= Jean-Baptiste Monnot =

Jean-Baptiste Monnot (/fr/) is a French organist, born in Eu on August 4, 1984.

== Biography ==

=== Studies and competitions ===
Born in 1984 in Eu, Jean-Baptiste Monnot discovered the organ at the age of 12 when he heard the Cavaillé-Coll organ from the Saint-Jacques church, in Le Tréport. He first studied the piano with Hervé Gringoire, then the organ at the Dieppe National Music School with Nicolas Pien and Yvette Martin. In 1999 he entered the Conservatoire national de région de Rouen, where he studied with Louis Thiry and François Ménissier. He was awarded the Gold Medal in 2002, the First Prize for Improvisation in 2003 and the First Prize of Excellence in 2004. In 2002, he unanimously won the first prize of the Fourth Young Organist Competition of Saint-Germain- des-Fossés chaired by Marie-Claire Alain.
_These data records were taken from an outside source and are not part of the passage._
(* Write Q_m for the coefficient of X_0^(d-1-|m|) X^m in Q and set
   M(m) = - (-1)^(d-|m|) Q_m, so that K is the support of M.  Comparing the
   coefficients of X_0^(d-|m|) X^m in P = S Q gives, for m >= 0, 0 < |m| <= d,
       Q_m + sum_j Q_(m - e_j) = (-1)^(d-|m|) p_m,
   hence the sub-mean inequality M(m) <= sum_j M(m - e_j) since p_m >= 0;
   moreover M vanishes outside the simplex {m >= 0, |m| < d}.
   Each projection in the definition of an overhang is m |-> (sum_A m, sum_B m)
   for a splitting A, B of the coordinates into two nonempty blocks.  If (a,b)
   were a left overhang of the image, an induction on the height shows M <= 0
   on the column {sum_A = a, sum_B >= b}, so M < 0 at the overhang point, and
   climbing along a B-coordinate keeps M < 0 beyond total degree d, which
   contradicts the support condition.  Right overhangs are left overhangs once
   the two blocks are exchanged. *)

From Pilot Require Import Defs.
From HB Require Import structures.
From mathcomp Require Import all_boot all_order all_algebra zify.
From Stdlib Require Import FunctionalExtensionality.
Import Order.TTheory GRing.Theory Num.Theory.
Set Implicit Arguments. Unset Strict Implicit.
Local Open Scope ring_scope.

Definition shift n (m : 'I_n -> int) (j : 'I_n) (k : int) : 'I_n -> int :=
  fun i => if i == j then m i + k else m i.

Lemma sum_shift n (P : pred 'I_n) (m : 'I_n -> int) j k :
  \sum_(i | P i) shift m j k i = \sum_(i | P i) m i + (if P j then k else 0).
Proof.
rewrite /shift; case Pj: (P j); last first.
  rewrite addr0; apply: eq_bigr => i Pi; case: eqP => // eij.
  by rewrite -eij Pi in Pj.
rewrite (bigD1 j) //= [in RHS](bigD1 j) //= eqxx addrAC.
by congr (_ + _ + _); apply: eq_bigr => i /andP[_ /negbTE ->].
Qed.

Lemma shift_shift n (m : 'I_n -> int) j k l :
  shift (shift m j k) j l = shift m j (k + l).
Proof.
by apply: functional_extensionality => i; rewrite /shift; case: eqP; rewrite ?addrA.
Qed.

Lemma shift0 n (m : 'I_n -> int) j : shift m j 0 = m.
Proof. by apply: functional_extensionality => i; rewrite /shift addr0; case: eqP. Qed.

Definition split_sums n (A : pred 'I_n) (m : 'I_n -> int) : int * int :=
  (\sum_(i | A i) m i, \sum_(i | ~~ A i) m i).

Section SubmeanLattice.
Variables (R : realFieldType) (n d : nat) (M : ('I_n -> int) -> R).

Hypothesis M_supp :
  forall m, M m != 0 -> (forall i, 0 <= m i) /\ \sum_i m i < d%:Z.
Hypothesis M_submean : forall m, (forall i, 0 <= m i) ->
  0 < \sum_i m i -> \sum_i m i <= d%:Z -> M m <= \sum_j M (shift m j (-1)).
In 2004 at the age of 19, he entered the National Conservatory of Music and Dance in Paris, in the class of Olivier Latry and Michel Bouvard and obtained the higher education diploma in 2007. He also studied with Bernhard Haas at the State University of Music and Performing Arts Stuttgart.

=== Career ===
On December 24, 2021, he accompanied with Oswald Sallaberger a very special office celebrated by Father Bertrand Laurent in Saint-Ouen de Rouen, since no Christmas Eve had been celebrated in this place for probably more than forty years, according to Henry. Decaëns.

== Invention ==
He is also the main designer and performer of the Orgue du Voyage. Transportable and modular, this unique electronic transmission instrument allows aesthetic and educational use in various places such as Nantes Cathedral, Saint-Maximin basilica, Vaucelles Abbey or the Louvre Pyramid. With its eight independent modules, it is more practical than the one that Pierre Cochereau had built by organ builder Philippe Hartmann. His invention remains mainly in the chevet-apse chapel of the Saint-Ouen abbey in Rouen.